On y trouve tous les courants qui ont marqués son oeuvre, le surréalisme, le photoreportage, le cinéma et la guerre... Ce qui est très frappant malgré la diversité des sujets c'est la constance de l'oeil qui saisit un instant d'une composition aboutie, cet oeil qui cherche, attend, voit et saisit ce que tout un chacun n'a pas vu, cet oeil qui prend le parti de photographier ceux qui regardent un évènement plutôt que l'évènement lui-même...Je suis fascinée par nombre de clichés qui semblent tellement au plus juste, comme épurés dans leur simplicité esssentielle. Cela rejoint l'art que je pratique, le chant lyrique, la musique en général d'ailleurs: aller à l'essentiel sans se perdre dans des fioritures techniques ou musicales pour dégager la grandeur de la simplicité. Je cite H.Cartier-Bresson: "ce qui compte dans une photo, c'est sa plénitude et sa simplicité". Je pourrais dire cela mot pour mot de l'art vocal.
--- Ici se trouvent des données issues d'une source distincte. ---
(* Let $m\in\mathbb{Z}$. Then there exists $N$ (depending on $m$) such that for all $n\ge N$ the Hankel determinants $$\det\big(f(i+j,q^{2m+1},q)\big)_{i,j=0}^n,\quad \det\big(F(2i+2j,q^m,q)\big)_{i,j=0}^n,\quad \det\big(F(2i+2j+1,q^m,q)\big)_{i,j=0}^n,\quad \det\big(F(i+j,q^m,q)\big)_{i,j=0}^n$$ all vanish.
   Context: $q$ is an indeterminate; all quantities lie in $\mathbb{Q}(q)$. $(x;q)_n=\prod_{j=0}^{n-1}(1-q^jx)$. The Gaussian binomial coefficient is $\begin{bmatrix} n\\ j\end{bmatrix}_q=\frac{(q;q)_n}{(q;q)_j(q;q)_{n-j}}$ for $0\le j\le n$ and $0$ otherwise. The normalized Rogers–Szegö polynomials are $f(n,s,q)=\dfrac{\sum_{j=0}^n s^j\begin{bmatrix} n\\ j\end{bmatrix}_{q^2}}{(-q;q)_n}$ and $F(n,s,q)=\dfrac{\sum_{j=0}^n(-s)^j\begin{bmatrix} n\\ j\end{bmatrix}_{q}}{(q;q^2)_{\lfloor (n+1)/2\rfloor}}$ (for negative exponents, $q^{a}$ with $a<0$ is the element $1/q^{-a}$ of $\mathbb{Q}(q)$). *)

From HB Require Import structures.
From mathcomp Require Import all_boot all_order all_algebra.
Set Implicit Arguments. Unset Strict Implicit. Unset Printing Implicit Defensive.
Import Order.TTheory GRing.Theory Num.Theory.
Local Open Scope ring_scope.

Definition Qq : fieldType := {fraction {poly rat}}.
Definition q : Qq := @tofrac _ ('X : {poly rat}).

Definition qpoch (x b : Qq) (n : nat) : Qq := \prod_(j < n) (1 - b ^+ j * x).

Definition gauss_binom (b : Qq) (n j : nat) : Qq :=
  if (j <= n)%N then qpoch b b n / (qpoch b b j * qpoch b b (n - j)) else 0.

Definition f (n : nat) (s : Qq) : Qq :=
  (\sum_(j < n.+1) s ^+ j * gauss_binom (q ^+ 2) n j) / qpoch (- q) q n.

Definition F (n : nat) (s : Qq) : Qq :=
  (\sum_(j < n.+1) (- s) ^+ j * gauss_binom q n j) / qpoch q (q ^+ 2) (n.+1)./2.

From HB Require Import structures.
From mathcomp Require Import all_boot all_order all_algebra ring zify.
Import Order.TTheory GRing.Theory Num.Theory.
Set Implicit Arguments.
Unset Strict Implicit.
Unset Printing Implicit Defensive.
Local Open Scope ring_scope.

(* Both sequences n |-> f(n, s) and n |-> F(n, s) obey q-difference equations in s,
     f(n+1, q^2 s) = f(n+1, s) - s (1 - q^(n+1)) f(n, s),
     F(n+1, q s)   = F(n+1, s) + s w(n+1) F(n, s),
   with w(n) = 1 for odd n and 1 - q^n for even n; both follow from the q-Pascal
   and absorption identities for Gaussian binomials.  At the base points,
   f(n, q) = 1 and F(n, 1) = [n even], and s |-> 1/s multiplies them by a geometric
   sequence.  Hence, by induction on |m|, n |-> f(n, q^(2m+1)) and n |-> F(n, q^m)
   are finite sums of geometric sequences, and so are their subsequences along
   2n and 2n + 1.  A Hankel matrix built from a sum of r geometric sequences
   factors through an r-dimensional space, so its determinant vanishes beyond
   size r. *)

Section QBinomial.
Variable K : fieldType.

Definition qpochhammer (a b : K) (n : nat) : K := \prod_(j < n) (1 - b ^+ j * a).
Au centre Pompidou: 12 février - 9 juin 2014

Henri Cartier-Bresson à New-York en 1935 - Goerges Hoyningen-Huene/Digital images
-La reprise des "Palmes de Monsieur Schutz" au Théâtre Michel
est un moment de grande joie théâtrale, excellents acteurs, très joli décor, et un texte, des situations, d'une drôlerie très très rafraichissante. Cette nouvelle création de la pièce est une grande réussite.
De Jean-Noël Fenwick, mise en scène: Patrick Zard, avec: Guillaume Bouchède, Constance Carrelet, Michel Crémadès, Benjamin Egner, Daniel Hanssens, Valérie Vogt.
L'histoire de cette pièce:
comédie tendre et scientifique sur une tranche de vie de Pierre et Marie Curie (de leur rencontre en 1898 à la découverte de la radioactivité), elle fut créée en septembre 1989 au Théâtre des Mathurins. En 1990 elle obtient 4 Molières, auteur-mise en scène-décor-spectacle théâtre privé, et sera jouée plus de 1000 fois.
Au Théâtre Michel, rue des Mathurins - 19 septembre 2013 au 30 mars 2014
-Roman d'une garde robe au musée Carnavalet
Ce n'est pas une simple exposition de robes coutures mais une formidable mise en scène de la garde robe d'une parisienne chic des années 1900-1930. On entre dans cette exposition comme si on poussait la porte du dressing d'Alice Alleaume, 1ère vendeuse chez Cheruit de 1912 à 1923: vêtements, bijoux, accessoires... des plus grandes maisons parisiennes de l'époque: Chéruit, Worth, Lanvin... On pénètre dans le dressing et dans l'histoire de cette femme à la mode, très élégante: c'est attachant, comme un roman.